TRADING PLACES

17
December

Sports fans love talking trades.  However successful their team, they’re never satisfied.  There’s always an eagerness to trade for fresh, exciting talent.  If, on the other hand, their favorites are consistent losers, fans will insist upon trades in order to revive the team’s fortunes and turn them into contenders.

Most every fan, as they think back over the years, can recall trades that made all the difference.  It started, they’ll tell you, with Babe Ruth being shipped by the Red Sox over to the Yankees in 1920.  But then came so many more including trades that sent the likes of John Elway, Nolan Ryan, Scottie Pippin, Tom Seaver, Sammy Sosa, Pedro Martinez, Herschel Walker, Wilt Chamberlain, Bret Favre, Kobe Bryant, Wayne Gretsky and countless others to teams whose fortunes improved dramatically as a result.  Trades are without doubt the lifeblood of professional sports.  They stir the pot, keep fans buzzing and busy devising their own blockbuster deals,  that they hope will improve the chances  their team will be successful.

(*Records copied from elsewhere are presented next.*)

Lemma interior_lin_gt S n c x : n != 0 ->
  (forall y, S y -> c <= lin n y) -> interior S x -> c < lin n x.
Proof.
move=> n_neq0 S_ge [e [e_gt0 S_ball]].
pose sg : pt := \row_i Num.sg ((n 0 i)%:~R : R).
have lin_sg : lin n sg = \sum_i `|(n 0 i)%:~R : R|.
  by apply: eq_bigr => i _; rewrite mxE normrEsg mulrC.
have [i ni] : exists i, n 0 i != 0.
  apply/existsP; apply: contraR n_neq0 => /existsPn n0.
  by apply/eqP/matrixP => i j; rewrite ord1 mxE; apply/eqP/negbNE/n0.
have sg_gt0 : 0 < lin n sg.
  by rewrite lin_sg (bigD1 i) //= ltr_pwDl ?sumr_ge0 // normr_gt0 intr_eq0.
have : c <= lin n (x - (e / 2) *: sg).
  apply/S_ge/S_ball => j; rewrite !mxE addrAC subrr add0r normrN normrM.
  have sg_le1 : `|Num.sg ((n 0 j)%:~R : R)| <= 1 by rewrite normr_sg; case: (_ != 0).
  have sg_ge0 := normr_ge0 (Num.sg ((n 0 j)%:~R : R)).
  rewrite ger0_norm; [nra | lra].
rewrite linD -scaleN1r !linZ mulN1r.
have : 0 < e / 2 * lin n sg by rewrite mulr_gt0 // divr_gt0.
lra.
Qed.

Lemma dil0_eq0 S y : dil 0 S y -> y = 0.
Proof. by case=> x [_ ->]; rewrite scale0r. Qed.

End Convexity.

Lemma primitive_neq0 d (n : 'rV[int]_d) : primitive n -> n != 0.
Proof. by move=> n_prim; apply/eqP => n0; have := n_prim 2 n; rewrite {2}n0 scaler0 => /(_ n0). Qed.

Lemma primitive_ilin_eq1 d (n : 'rV[int]_d) : primitive n -> exists w, ilin n w = 1.
Proof.
move=> n_prim; have [L L_unit [M M_unit [s _ nE]]] := int_Smith_normal_form n.
pose e0 : 'rV[int]_d := \row_j ((j == 0 :> nat)%:R).
pose c := L 0 0 * s`_0.
have n_e0 : n = c *: (e0 *m M).
  rewrite nE scalemxAl; congr (_ *m _); apply/matrixP => i j.
  rewrite ord1 !mxE big_ord1 !mxE /= /c eq_sym.
  by case: (_ == _); rewrite ?mulr1n ?mulr0n ?mulr1 ?mulr0.
have c_unit : `|c| = 1 := n_prim c _ n_e0.
have [j0 _] : exists j, n 0 j != 0.
  apply/existsP; apply: contraR (primitive_neq0 n_prim) => /existsPn n0.
  by apply/eqP/matrixP => i j; rewrite ord1 mxE; apply/eqP/negbNE/n0.
have d_gt0 : (0 < d)%N by apply: leq_ltn_trans (leq0n j0) (ltn_ord j0).
have e0_norm : (e0 *m e0^T) 0 0 = 1.
  rewrite mxE (bigD1 (Ordinal d_gt0)) //= big1 ?addr0 => [|j j_neq0]; rewrite !mxE //=.
  have : (j : nat) != 0%N by apply: contra j_neq0 => /eqP j0'; apply/eqP/val_inj.
  by move/negbTE => ->; rewrite mul0r.
pose w := (invmx M *m e0^T)^T.
have ilin_w : ilin n w = c.
  have -> : ilin n w = (n *m w^T) 0 0.
    by rewrite /ilin mxE; apply: eq_bigr => i _; rewrite !mxE.
  by rewrite trmxK n_e0 -scalemxAl mxE -mulmxA (mulmxA M) mulmxV // mul1mx e0_norm mulr1.
exists (c *: w); rewrite ilinZ ilin_w.
by have [->|->] : c = 1 \/ c = -1 by lia.
Qed.

Lemma psumr_weighted_eq0 (V : numDomainType) (I : finType) (l s : I -> V) :
  (forall i, 0 <= l i) -> (forall i, 0 <= s i) ->
  (\sum_i l i * s i == 0) = [forall i, (0 < l i) ==> (s i == 0)].
Proof.
move=> l_ge0 s_ge0; rewrite psumr_eq0 => [|i _]; last exact: mulr_ge0.
have lsE i : (l i * s i == 0) = (0 < l i) ==> (s i == 0).
  by rewrite mulf_eq0 lt0r l_ge0 andbT; case: (l i == 0).
by apply/allP/forallP => ls0 i; [rewrite -lsE; exact: ls0 | rewrite lsE ls0].
Qed.

Section Polytope.
Variables (R : realType) (d : nat) (P : 'rV[R]_d -> Prop) (Fs : seq ('rV[int]_d * int)).
Hypothesis P_ineq : forall x, P x <-> (forall F, F \in Fs -> lin F.1 x >= - (F.2%:~R)).
Hypothesis Fs_primitive : forall F, F \in Fs -> primitive F.1.

Lemma dil_lin_ge t y F : 0 <= t -> dil t P y -> F \in Fs -> - (t * F.2%:~R) <= lin F.1 y.
Proof.
move=> t_ge0 [x [Px ->]] HF; rewrite linZ -mulrN.
exact/ler_wpM2l/(proj1 (P_ineq x) Px).
Qed.

Lemma lat_slack_ge0 v F : P (lat R v) -> F \in Fs -> 0 <= ilin F.1 v + F.2.
Proof.
move=> Pv HF; rewrite -lerBlDr sub0r -(ler_int R) rmorphN -lin_lat.
exact: (proj1 (P_ineq _) Pv).
Qed.

Lemma ilin_gt_interior_dil (t : int) z : 0 < t ->
  (forall F, F \in Fs -> - (t * F.2) < ilin F.1 z) -> interior (dil t%:~R P) (lat R z).
Proof.
move=> t_gt0 z_gt.
have tR_gt0 : (0 : R) < t%:~R by rewrite ltr0z.
pose S := \sum_(F <- Fs) \sum_i `|(F.1 0 i)%:~R : R|.
have S_ge0 : 0 <= S by apply: sumr_ge0 => F _; apply: sumr_ge0.
exists (1 + S)^-1; split; first by rewrite invr_gt0; lra.
move=> y y_near; exists ((t%:~R)^-1 *: y); split; last first.
  by rewrite scalerA mulfV ?scale1r // gt_eqF.
apply/P_ineq => F HF; rewrite linZ -(ler_pM2l tR_gt0) mulrA mulfV ?gt_eqF // mul1r mulrN.
set sF := \sum_i `|(F.1 0 i)%:~R : R|.
have sF_le : sF <= S.
  apply: (ler_sum_mem (f := fun G : 'rV[int]_d * int => \sum_i `|(G.1 0 i)%:~R : R|)) HF.
  by move=> G; apply: sumr_ge0.
have dev_ge : - ((1 + S)^-1 * sF) <= lin F.1 (y - lat R z).
  by apply: lin_ge_box => i; rewrite !mxE; apply: ltW; have := y_near i; rewrite mxE.
have dev_lt1 : (1 + S)^-1 * sF < 1 by rewrite mulrC ltr_pdivrMr; lra.
have zF : (- (t * F.2) + 1)%:~R <= lin F.1 (lat R z).
  by rewrite lin_lat ler_int; have := z_gt F HF; lia.
rewrite -[y](subrK (lat R z)) linD; move: zF; rewrite rmorphD rmorphN rmorphM /=; lra.
Qed.

Lemma interior_dil_latP (t : int) z : 0 < t ->
  interior (dil t%:~R P) (lat R z) <-> forall F, F \in Fs -> - (t * F.2) < ilin F.1 z.
Proof.
move=> t_gt0; split; last exact: ilin_gt_interior_dil.
move=> z_int F HF; have tR_ge0 : (0 : R) <= t%:~R by rewrite ler0z ltW.
have := interior_lin_gt (primitive_neq0 (Fs_primitive HF)) (fun y => dil_lin_ge tR_ge0 ^~ HF) z_int.
by rewrite lin_lat -rmorphM -rmorphN ltr_int.
Qed.

Hypothesis facets_irredundant : forall F, F \in Fs -> exists x : 'rV[R]_d,
  lin F.1 x < - (F.2%:~R) /\ (forall G, G \in Fs -> G != F -> lin G.1 x >= - (G.2%:~R)).
Variable x0 : 'rV[R]_d.
Hypothesis x0_interior : interior P x0.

Now imagine the possibilities were trades permissible and encouraged, not just in sports but also in more critical areas of our lives.  Trading people is not an alien concept.  In warfare both sides will on occasion agree to prisoner exchanges.  Among rival nations, captured spies from one side will at times be traded for those detained by the other.  In a hostage crisis someone may agree to trade places, become a captive, so long as others are released.  Our concern here, however, is with circumstances less urgent, though not inconsequential.

Consider, for example, that you and your husband have three boys and you long for a girl.  Should it not be possible, instead of taking your chances with another pregnancy to arrange to trade one of your boys (possibly the middle child who ordinarily is not happy with his position in the family) for a girl from another couple with only girls.  (Such transactions would require a clearinghouse whose expert staff could assess the circumstances and recommend or overrule proposed exchanges.)

Let’s say you’ve been dating this girl but the relationship has grown stale and unrewarding.  Coincidentally your friend’s girl, to whom you’ve taken a fancy, seems to have grown weary of your friend.  The opportunity is ready-made; a trade should be proposed.  On a more serious level, let’s consider certain married couples where ardor has cooled and monotony set in.  Might there not be benefits all around if wives or husbands could be traded to other couples well acquainted with each other.  (Do not such exchanges already take place?)  Consider the fact that in this transaction two family units would be preserved.  Also recognize that in every family there are members reckoned as embarrassments – an uncle all too frequently tipsy; a cousin forever “taking”, never giving; an aunt who dresses inappropriately and is intent on minding everyone else’s business.  Why not trade them off, their places filled by others more suited to the family circle.

There are few limits to the trades that might be arranged.  Teachers, bosses, fellow workers, neighbors could all be reshuffled, likewise politicians and government leaders.  The point is that nothing need remain fixed, systems can be revitalized, scripts rewritten.  As with our favorite sports team, a renewal of hope, an infusion of energy, an emotional uplift – all could be but a trade away.